Your objective: In the records below, begin at the line containing "exists ((-2) *: Q), 1, (c" and end at the line containing "Lemma vproj_raised_tangentI Q"; quote every line in that span exactly, including both boundary lines, and no others.

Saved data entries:
Lemma dotpNr u v : dotp u (- v) = - dotp u v.
Proof. by rewrite -sub0r dotpBr dotp0r sub0r. Qed.

Lemma dotpZl u v c : dotp (c *: v) u = c * dotp v u.
Proof. by rewrite /dotp mulr_sumr; apply: eq_bigr => k _; rewrite !mxE mulrA. Qed.

Lemma dotp_eq0 u : dotp u u = 0 -> u = 0.
Proof.
move=> u0; apply/rowP => k; rewrite mxE.
have sq_ge0 (i : 'I_d) : xpredT i -> 0 <= u 0 i * u 0 i by rewrite -expr2 sqr_ge0.
have /eqP := @psumr_eq0P _ _ xpredT (fun i => u 0 i * u 0 i) sq_ge0 u0 k isT.
by rewrite mulf_eq0 orbb => /eqP.
Qed.

Lemma sqdistE P Q : sqdist P Q = dotp P P - 2 * dotp Q P + dotp Q Q.
Proof. rewrite /sqdist !dotpBl !dotpBr (dotpC Q P); lra. Qed.

Definition raised_tangent Q c : set ('rV[R]_d * R) :=
  [set p | p.2 = 2 * dotp Q p.1 - dotp Q Q + c].

Lemma tangentS_raised Q : tangentS Q = raised_tangent Q 0.
Proof.
apply/funext => p; apply/propext; rewrite /tangentS /raised_tangent /= dotpBr.
by split=> E; lra.
Qed.

Lemma translate_raised_tangent Q c (v : 'rV[R]_d * R) :
  translate (raised_tangent Q c) v = raised_tangent Q (c + v.2 - 2 * dotp Q v.1).
Proof.
apply/funext => p; apply/propext; rewrite /translate /raised_tangent /= dotpBr.
by split=> E; lra.
Qed.

Lemma translateK (T : set ('rV[R]_d * R)) (v : 'rV[R]_d * R) :
  translate (translate T v) (- v) = T.
Proof. by apply/funext => -[x z]; rewrite /translate /= !opprK !addrK. Qed.

Lemma translate_tangentS (T : set ('rV[R]_d * R)) Q (v : 'rV[R]_d * R) :
  translate T v = tangentS Q -> T = raised_tangent Q (2 * dotp Q v.1 - v.2).
Proof.
move=> Tv; rewrite -(translateK T v) Tv tangentS_raised translate_raised_tangent.
by congr raised_tangent; rewrite /= dotpNr; lra.
Qed.

Lemma raised_tangent_nonvertical Q c : nonvertical_hyperplane (raised_tangent Q c).
Proof.
exists ((-2) *: Q), 1, (c - dotp Q Q); split; first exact: oner_neq0.
apply/funext => -[x z]; apply/propext; rewrite /raised_tangent /= dotpZl.
by split=> E; lra.
Qed.

(* Two raised tangents are equal only if their heights over x differ by a
   constant; comparing x = 0 with x = Q - Q' forces |Q - Q'|^2 = 0. *)
Lemma raised_tangent_inj Q Q' c c' :
  raised_tangent Q c = raised_tangent Q' c' -> Q = Q'.
Proof.
move=> EQ.
have height x : 2 * dotp Q x - dotp Q Q + c = 2 * dotp Q' x - dotp Q' Q' + c'.
  by have : raised_tangent Q c (x, 2 * dotp Q x - dotp Q Q + c) by []; rewrite EQ.
have := height (Q - Q'); have := height 0; rewrite !dotpBr !dotp0r (dotpC Q Q').
move=> h0 h1; apply/eqP; rewrite -subr_eq0; apply/eqP/dotp_eq0.
rewrite dotpBl !dotpBr (dotpC Q Q'); lra.
Qed.

Lemma raised_tangent_parallel Q Q' c c' :
  parallel (raised_tangent Q c) (raised_tangent Q' c') -> Q = Q'.
Proof. by case=> v; rewrite translate_raised_tangent => /raised_tangent_inj. Qed.

Lemma vproj_raised_tangentI Q Q' c c' :
  vproj (raised_tangent Q c `&` raised_tangent Q' c') =
  [set P | sqdist P Q - sqdist P Q' = c - c'].
Proof.
apply/funext => P; apply/propext; rewrite /raised_tangent /= !sqdistE; split.
  by case=> -[x z] [/= h h'] <-; lra.
by move=> E; exists (P, 2 * dotp Q P - dotp Q Q + c) => //; split=> /=; lra.
Qed.

End Geometry.

Section GainGraphs.
Variables (R : realType) (n : nat) (G : gain_graph R n).
Implicit Types (e f g : edge G) (i j l : 'I_n) (c : 'I_n -> R).

Lemma joins_neq e i j : joins e i j -> i != j.
Proof. by case/orP=> /eqP E; have := ends_neq e; rewrite E // eq_sym. Qed.

Lemma joinsC e i j : joins e i j -> joins e j i.
Proof. by rewrite /joins orbC. Qed.

Lemma joins_ends e : joins e (ends e).1 (ends e).2.
Proof. by rewrite /joins -surjective_pairing eqxx. Qed.

Lemma joins_eq e i j i' j' :
  joins e i j -> joins e i' j' -> (i = i' /\ j = j') \/ (i = j' /\ j = i').
Proof. by rewrite /joins => /orP[] /eqP -> /orP[] /eqP [] -> ->; tauto. Qed.

Lemma phi_ends e : phi e (ends e).1 (ends e).2 = gain e.
Proof. by rewrite /phi -surjective_pairing eqxx. Qed.

Lemma phiC e i j : joins e i j -> phi e j i = - phi e i j.
Proof.
move=> eij; have /negbTE ij := joins_neq eij; have /negbTE ji := joins_neq (joinsC eij).
rewrite /phi; case/orP: eij => /eqP ->; by rewrite !xpair_eqE ij ji !eqxx /= ?opprK.
Qed.

Lemma phi_potential c e i j :
  gain e = c (ends e).1 - c (ends e).2 -> joins e i j -> phi e i j = c i - c j.
Proof.
move=> gc eij; case/orP: (eij) => /eqP E; rewrite E /= in gc.
  by rewrite /phi E eqxx.
by rewrite (phiC (joinsC eij)) /phi E eqxx gc opprB.
Qed.

Lemma potential_balanced c :
  (forall e, gain e = c (ends e).1 - c (ends e).2) -> balanced G.
Proof.
move=> gc k v es _ _ _ circ.
rewrite (eq_bigr (fun m => c (v m) - c (v (ordS m)))); last first.
  by move=> m _; exact: phi_potential (circ m).
by rewrite sumrB (reindex_inj (@ordS_inj k)) subrr.
Qed.

Hypothesis balG : balanced G.

Lemma balanced_parallel_edges e f i j :
  joins e i j -> joins f i j -> phi e i j = phi f i j.
Proof.
move=> eij fij; have ij := joins_neq eij.
have [-> // | ef] := eqVneq e f.
pose v (m : 'I_2) := if val m == 0%N then i else j.
pose es (m : 'I_2) := if val m == 0%N then e else f.
have v_inj : injective v.
  move=> [[|[|?]] ?] [[|[|?]] ?]; rewrite /v /= => E;
  first [exact: val_inj | by [] | by move: ij; rewrite E eqxx].
have es_inj : injective es.
  move=> [[|[|?]] ?] [[|[|?]] ?]; rewrite /es /= => E;
  first [exact: val_inj | by [] | by move: ef; rewrite E eqxx].
have circ m : joins (es m) (v m) (v (ordS m)).
  by case: m => -[|[|?]] ?; rewrite /es /v //=; exact: joinsC.
have := @balG _ v es isT v_inj es_inj circ.
rewrite !big_ord_recl big_ord0 /= (phiC fij) /es /v /=; lra.
Qed.

Lemma balanced_triangle e f g i j l :
  joins e i j -> joins f j l -> joins g l i -> i != l ->
  phi e i j + phi f j l + phi g l i = 0.
Proof.
move=> eij fjl gli il; have ij := joins_neq eij; have jl := joins_neq fjl.
pose v (m : 'I_3) := if val m == 0%N then i else if val m == 1%N then j else l.
pose es (m : 'I_3) := if val m == 0%N then e else if val m == 1%N then f else g.
have v_inj : injective v.
  move=> [[|[|[|?]]] ?] [[|[|[|?]]] ?]; rewrite /v /= => E;
  first [exact: val_inj | by [] | by move: ij jl il; rewrite E eqxx].
(* An edge joins only one pair, and the three pairs of vertices are distinct. *)
have es_inj : injective es.
  move=> [[|[|[|?]]] ?] [[|[|[|?]]] ?]; rewrite /es /= => E;
  first [exact: val_inj | by [] | subst;
    first [case: (joins_eq eij fjl) | case: (joins_eq fjl gli)
          | case: (joins_eq eij gli)];
    by case=> E1 E2; move: ij jl il; rewrite ?E1 ?E2 eqxx].
have circ m : joins (es m) (v m) (v (ordS m)) by case: m => -[|[|[|?]]].
have := @balG _ v es isT v_inj es_inj circ.
by rewrite !big_ord_recl big_ord0 /= addr0 addrA.
Qed.

End GainGraphs.

(* The potential is phi(e; i, 0) for any edge e from i to the vertex 0. *)
Lemma balanced_complete_potential (R : realType) n (G : gain_graph R n) :
  balanced G -> complete G ->
  exists c : 'I_n -> R,
    forall (e : edge G) i j, joins e i j -> phi e i j = c i - c j.
Proof.
case: n G => [|m] G balG completeG; first by exists (fun=> 0) => ? [].
have pot_at i : exists r : R, (i = ord0 -> r = 0) /\
    forall e : edge G, joins e i ord0 -> phi e i ord0 = r.
  have [-> | i0] := eqVneq i ord0.
    by exists 0; split=> // e /joins_neq; rewrite eqxx.
  have [e0 e0i] := completeG i ord0 i0; exists (phi e0 i ord0); split.
    by move=> E; rewrite E eqxx in i0.
  by move=> e ei; exact: (balanced_parallel_edges balG ei e0i).
have [c hc] := choice pot_at; exists c => e i j eij.
have c0 : c ord0 = 0 by exact: (hc ord0).1.
have [j0 | j0] := eqVneq j ord0.
  by move: eij; rewrite j0 c0 subr0 => /(hc i).2.
have [i0 | i0] := eqVneq i ord0.
  by move: eij; rewrite i0 c0 sub0r => /joinsC eji; rewrite (phiC eji) (hc j).2.
have [g gj] := completeG j ord0 j0.
have [f fi] : exists f : edge G, joins f ord0 i by apply: completeG; rewrite eq_sym.
have := balanced_triangle balG eij gj fi i0.
rewrite ((hc j).2 g gj) (phiC (joinsC fi)) ((hc i).2 f (joinsC fi)).
by set x := phi e i j; lra.
Qed.

Section PotentialGraph.
Variables (R : realType) (n : nat) (c : 'I_n -> R).

Definition ordered_pair := {p : 'I_n * 'I_n | (p.1 < p.2)%N}.

Lemma ordered_pair_neq (p : ordered_pair) : (val p).1 != (val p).2.
Proof. by case: p => -[i j] /= ij; rewrite neq_ltn ij. Qed.

Definition potential_graph : gain_graph R n :=
  @GainGraph R n ordered_pair val (fun p => c (val p).1 - c (val p).2)
    ordered_pair_neq.

Lemma potential_graph_complete : complete potential_graph.
Proof.
move=> i j; rewrite neq_ltn => /orP[ij | ji].
  by exists (exist _ (i, j) ij); rewrite /joins /= eqxx.
by exists (exist _ (j, i) ji); rewrite /joins /= eqxx orbT.
Qed.

Lemma potential_graph_balanced : balanced potential_graph.
Proof. exact: potential_balanced. Qed.

End PotentialGraph.

Lemma pyth_arr_derived (R : realType) d n (G : gain_graph R n)
    (Q : 'I_n -> 'rV[R]_d) (T : 'I_n -> set ('rV[R]_d * R)) :
  complete G ->
  (forall e : edge G, pyth_hyp Q e = vproj (T (ends e).1 `&` T (ends e).2)) ->
  pyth_arr G Q = derived_arr T.
Proof.
move=> completeG hyp; apply/funext => h; apply/propext; split.
  case=> e ->; rewrite hyp; have := ends_neq e.
  case: (ends e) => i j /=; rewrite neq_ltn => /orP[ij | ji].
    by exists i, j.
  by exists j, i; rewrite setIC.
case=> i [j [ij ->]].
have [e /orP[] /eqP E] := completeG i j (negbT (ltn_eqF ij)).
  by exists e; rewrite hyp E.
by exists e; rewrite hyp E setIC.
Qed.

Result for this exercise:
exists ((-2) *: Q), 1, (c - dotp Q Q); split; first exact: oner_neq0.
apply/funext => -[x z]; apply/propext; rewrite /raised_tangent /= dotpZl.
by split=> E; lra.
Qed.

(* Two raised tangents are equal only if their heights over x differ by a
   constant; comparing x = 0 with x = Q - Q' forces |Q - Q'|^2 = 0. *)
Lemma raised_tangent_inj Q Q' c c' :
  raised_tangent Q c = raised_tangent Q' c' -> Q = Q'.
Proof.
move=> EQ.
have height x : 2 * dotp Q x - dotp Q Q + c = 2 * dotp Q' x - dotp Q' Q' + c'.
  by have : raised_tangent Q c (x, 2 * dotp Q x - dotp Q Q + c) by []; rewrite EQ.
have := height (Q - Q'); have := height 0; rewrite !dotpBr !dotp0r (dotpC Q Q').
move=> h0 h1; apply/eqP; rewrite -subr_eq0; apply/eqP/dotp_eq0.
rewrite dotpBl !dotpBr (dotpC Q Q'); lra.
Qed.

Lemma raised_tangent_parallel Q Q' c c' :
  parallel (raised_tangent Q c) (raised_tangent Q' c') -> Q = Q'.
Proof. by case=> v; rewrite translate_raised_tangent => /raised_tangent_inj. Qed.

Lemma vproj_raised_tangentI Q Q' c c' :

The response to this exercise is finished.